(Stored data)

Lemma legsumM a b : coprime a b -> (0 < a)%N -> (0 < b)%N ->
  legsum p k (a * b) = legsum p k a * legsum p k b.
Proof.
apply: sum_divisorsM => x y _.
by rewrite legendreM // expnMn PoszM mulrACA.
Qed.

Lemma legsum_pfactor q e : prime q ->
  legsum p k (q ^ e) = \sum_(j < e.+1) (legendre q p * (q ^ k)%:Z) ^+ j.
Proof.
move=> q_pr; rewrite /legsum (perm_big _ (perm_divisors_pfactor e q_pr)) big_map big_mkord.
by apply: eq_bigr => j _; rewrite legendreX // exprMn expnAC -natz natrX natz.
Qed.

Lemma legsum_pfactorM a m : (0 < m)%N -> ~~ (p %| m)%N ->
  legsum p k (p ^ a * m) = legsum p k m.
Proof.
move=> m_gt0 p_m; rewrite legsumM ?coprimeXl ?prime_coprime ?expn_gt0 ?(prime_gt0 p_pr) //.
rewrite legsum_pfactor // legendre_dvd // mul0r big_ord_recl expr0 big1 ?addr0 ?mul1r //.
by move=> j _; rewrite expr0n.
Qed.

Hypothesis k_gt0 : (0 < k)%N.

Lemma legsum_pfactor_sg_norm q e : prime q -> ~~ (p %| q)%N ->
  Num.sg (legsum p k (q ^ e)) = legendre (q ^ e) p /\
  ((q ^ e) ^ k)%:Z <= 2 * `|legsum p k (q ^ e)|.
Proof.
move=> q_pr p_q; rewrite legsum_pfactor // legendreX // expnAC.
set s := legendre q p; set T := \sum_(j < e.+1) _.
have qk_ge2 : 2 <= (q ^ k)%:Z.
  rewrite lez_nat (leq_trans (prime_gt1 q_pr)) //.
  by rewrite -{1}(expn1 q) leq_pexp2l ?(prime_gt0 q_pr).
have s_pm1 : s = 1 \/ s = -1 by apply: legendre_coprime.
have se2 : s ^+ e * s ^+ e = 1.
  by rewrite -exprMn; case: s_pm1 => ->; rewrite ?mulrNN mulr1 expr1n.
have key := signed_geometric_sum_ge e s_pm1 qk_ge2; rewrite -/T in key.
have qke_gt0 : 0 < (q ^ k)%:Z ^+ e by rewrite exprn_gt0 //; lia.
have U_gt0 : 0 < s ^+ e * T by lra.
have def_T : T = s ^+ e * (s ^+ e * T) by rewrite mulrA se2 mul1r.
rewrite def_T sgrM normrM (gtr0_sg U_gt0) (gtr0_norm U_gt0) mulr1.
have sg_s : Num.sg s = s by case: s_pm1 => ->; rewrite ?sgr1 ?sgrN1.
have norm_s : `|s| = 1 by case: s_pm1 => ->; rewrite ?normrN normr1.
split; first by rewrite sgrX sg_s.
by rewrite normrX norm_s expr1n mul1r -natz natrX natz.
Qed.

Problem statement:
Exactly as written, reproduce the lines of the data above from the first line through the line where "Num.sg (legsum p" appears.

Finished task:
Lemma legsumM a b : coprime a b -> (0 < a)%N -> (0 < b)%N ->
  legsum p k (a * b) = legsum p k a * legsum p k b.
Proof.
apply: sum_divisorsM => x y _.
by rewrite legendreM // expnMn PoszM mulrACA.
Qed.

Lemma legsum_pfactor q e : prime q ->
  legsum p k (q ^ e) = \sum_(j < e.+1) (legendre q p * (q ^ k)%:Z) ^+ j.
Proof.
move=> q_pr; rewrite /legsum (perm_big _ (perm_divisors_pfactor e q_pr)) big_map big_mkord.
by apply: eq_bigr => j _; rewrite legendreX // exprMn expnAC -natz natrX natz.
Qed.

Lemma legsum_pfactorM a m : (0 < m)%N -> ~~ (p %| m)%N ->
  legsum p k (p ^ a * m) = legsum p k m.
Proof.
move=> m_gt0 p_m; rewrite legsumM ?coprimeXl ?prime_coprime ?expn_gt0 ?(prime_gt0 p_pr) //.
rewrite legsum_pfactor // legendre_dvd // mul0r big_ord_recl expr0 big1 ?addr0 ?mul1r //.
by move=> j _; rewrite expr0n.
Qed.

Hypothesis k_gt0 : (0 < k)%N.

Lemma legsum_pfactor_sg_norm q e : prime q -> ~~ (p %| q)%N ->
  Num.sg (legsum p k (q ^ e)) = legendre (q ^ e) p /\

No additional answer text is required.